Windows Azure access local filesystem

Save the changes and connect to the remote machine. We can now copy the dotTrace Remote Agent to the role instance by copying all files from our local dotTrace installation. The Remote Agent can be found in C:\Program Files (x86)\JetBrains\dotTrace\v5.3\Bin\Remote, but since the machine in Windows Azure has no clue about that path we have to specify \\tsclient\C\Program Files (x86)\JetBrains\dotTrace\v5.3\Bin\Remote instead.
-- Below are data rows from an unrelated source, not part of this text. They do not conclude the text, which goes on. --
Lemma all_notin_subset X Y p : {subset Y <= X} ->
  all [pred v | v \notin X] p -> all [pred v | v \notin Y] p.
Proof. by move=> YX /allP nX; apply/allP=> v /nX; apply: contra (YX v). Qed.

Lemma path_succ_all (e : rel T) (P : pred T) a p :
  (forall u v, e u v -> P v) -> path e a p -> all P p.
Proof. by move=> eP; elim: p a => //= b p IHp a /andP[/eP -> /IHp]. Qed.

Lemma path_avoid E S u p : path (adj E) u p -> all [pred v | v \notin S] (u :: p) ->
  path (avoid E S) u p.
Proof.
move=> pp notS; apply: (sub_in_path _ notS pp) => v w; rewrite !inE => vS wS avw.
by rewrite /avoid avw vS wS.
Qed.

Lemma connect_avoid_meet E S Y a v :
  connect (avoid E S) a v -> ~~ connect (avoid E Y) a v ->
  exists2 z, z \in Y & connect (avoid E S) a z.
Proof.
case/connectP=> p pp -> {v} ncY.
have [/hasP[z zp zY] | ] := boolP (has (mem Y) (a :: p)).
  by exists z => //; apply: path_connect pp _ zp.
rewrite -all_predC => notY; case/negP: ncY; apply/connectP; exists p => //.
by apply: path_avoid notY; apply: sub_path pp => u w /and3P[].
Qed.

Lemma set2_inj (x y u v : T) :
  [set u; v] = [set x; y] -> (u = x /\ v = y) \/ (u = y /\ v = x).
Proof.
move=> e; have: y \in [set u; v] by rewrite e set22.
have: x \in [set u; v] by rewrite e set21.
have: v \in [set x; y] by rewrite -e set22.
have: u \in [set x; y] by rewrite -e set21.
by do 4 case/set2P=> ?; subst; tauto.
Qed.

Lemma connect_avoidD1 E S x y u v : connect (avoid E S) u v ->
  let R := connect (avoid (E :\ [set x; y]) S) in
  R u v \/ (R u x /\ R y v) \/ (R u y /\ R x v).
Proof.
move=> /connectP[p + ->{v}] R; elim: p u => [|w p IHp] u /=; first by left; apply: connect0.
case/andP=> /and3P[Euw uS wS] /IHp {IHp}.
have [e|ne] := eqVneq [set u; w] [set x; y].
  have Rxx : R x x := connect0 _ x; have Ryy : R y y := connect0 _ y.
  by case: (set2_inj e) => -[eu ew]; rewrite eu ew; tauto.
have Ruw : R u w by apply: connect1; rewrite /avoid /adj in_setD1 ne uS wS /= andbT.
case=> [Rwv|[[Rwx Ryv]|[Rwy Rxv]]].
- by left; apply: connect_trans Ruw Rwv.
- by right; left; split=> //; apply: connect_trans Ruw Rwx.
- by right; right; split=> //; apply: connect_trans Ruw Rwy.
Qed.

Definition separates E A B S : bool :=
  ~~ [exists a, exists b,
        [&& a \in A, b \in B, a \notin S, b \notin S & connect (avoid E S) a b]].

Lemma separatesP E A B S :
  reflect (forall a b, a \in A -> b \in B -> a \notin S -> b \notin S ->
             ~ connect (avoid E S) a b)
          (separates E A B S).
Proof.
apply: (iffP negP) => [nex a b aA bB aS bS cab | sep].
  by apply: nex; apply/existsP; exists a; apply/existsP; exists b; rewrite aA bB aS bS.
by case/existsP=> a /existsP[b /and5P[aA bB aS bS]]; apply: sep.
Qed.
From the copied folder, launch the RemoteAgent.exe. A console window similar to the one below will appear:

image

Not there yet: we did open the load balancer in Windows Azure to allow traffic to flow to our machine, but the machine’s own firewall will be blocking our incoming connection. To solve this, configure Windows Firewall to allow access on port 9000. A one-liner which can be run in a command prompt would be the following:

netsh advfirewall firewall add rule name="Profiler" dir=in action=allow protocol=TCP localport=9000

 

Since we’ve opened ports 9000 thru 9019 in the Windows Azure load balancer and every role instance gets their own port number from that range, we can now connect to the machine using dotTrace. We’ve connected to instance 1, which means we have to connect to port 9001 in dotTrace’s Attach to Process window. The Remote Agent URL will look like http://<yourservice>.cloudapp.net:PORT/RemoteAgent/AgentService.asmx.

Attach to process

Next, we can select the process we want to do performance tracing on. I’ve deployed a web application so I’ll be connecting to IIS’s w3wp.exe.

Profile application dotTrace

We can now user our application and try reproducing performance issues. Once we feel we have enough data, the Get Snapshot button will download all required data from the server for local inspection.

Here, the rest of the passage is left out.